ClickHouse vs Apache Druid vs Apache Pinot: Best Self-Hosted Analytics Database 2026

Self-hosting your analytics infrastructure gives you full control over your data, eliminates vendor lock-in, and dramatically reduces costs at scale. When it comes to running real-time analytical queries on large datasets, three open-source databases stand out: ClickHouse, Apache Druid, and Apache Pinot.

Each of these systems is designed for fast OLAP (Online Analytical Processing) workloads, but they differ significantly in architecture, use cases, and operational complexity. This guide breaks down thdockererences, provides Docker-based setup instructions, and helps you choose the right tool for your stack.

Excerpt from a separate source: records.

Lemma val_at_inf_inv : val_at E None (1, u) 0.
Proof.
exists 2%N, (u * u, wpoly_cube); split; first by exists 1; rewrite /= wpoly_cubeE; ring.
split; first exact: totdeg_leM totdeg_le_u totdeg_le_u.
split; first exact: totdeg_le_quad_y.
by rewrite /= top_coef_quad_y oner_eq0 top_coef_uu mul0r.
Qed.

Lemma val_at_aff_ratio b al be : al != a ->
  val_at E (Some (al, be)) (x - cc b, u) ((al - b) / (al - a)).
Proof.
move=> ha; exists (x - cc b, u); split; first exact: req_refl.
by rewrite /= !ev2E subr_eq0 ha.
Qed.

Lemma val_at_aff_inv al be : al != a ->
  val_at E (Some (al, be)) (1, u) (1 / (al - a)).
Proof.
move=> ha; exists (1, u); split; first exact: req_refl.
by rewrite /= !ev2E subr_eq0 ha.
Qed.
End LinearRatio.

End WeierstrassLocal.

Section TestFunction.
Variable (L : fieldType).
Local Notation x := (Xx L).
Local Notation cc c := ((c%:P)%:P : {poly {poly L}}).

Definition test_fun (a : L) (bs : seq L) (o : bool) : rfun L :=
  foldr (fun b f => rmul (x - cc b, x - cc a) f)
        (if o then (1, x - cc a) else (1, 1)) bs.
Definition test_val (a : L) (bs : seq L) (o : bool) (al : L) : L :=
  foldr (fun b v => (al - b) / (al - a) * v) (if o then 1 / (al - a) else 1) bs.

Lemma test_fun_den a bs o : (test_fun a bs o).2 = (x - cc a) ^+ (size bs + o).
Proof.
elim: bs => [|b bs IH] /=; first by case: o; rewrite /= ?expr1 ?expr0.
by rewrite IH exprS.
Qed.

Why Self-Host Your Analytics Database

Commercial analytics platforms like Snowflake, Google BigQuery, and Amazon Redshift are powerful but come with significant trade-offs:

Escalating costs — Query-based pricing means costs grow unpredictably with usage. A team running hundreds of dashboards can easily spend $5,000–$50,000+ per month.
Data sovereignty — Sending user data to third-party clouds raises compliance issues under GDPR, HIPAA, and SOC 2.
Vendor lock-in — Migrating petabytes of data out of a cloud warehouse is expensive and time-consuming.
Latency constraints — Real-time ingestion and sub-second queries are difficult to achieve with cloud-only architectures that route through multiple network hops.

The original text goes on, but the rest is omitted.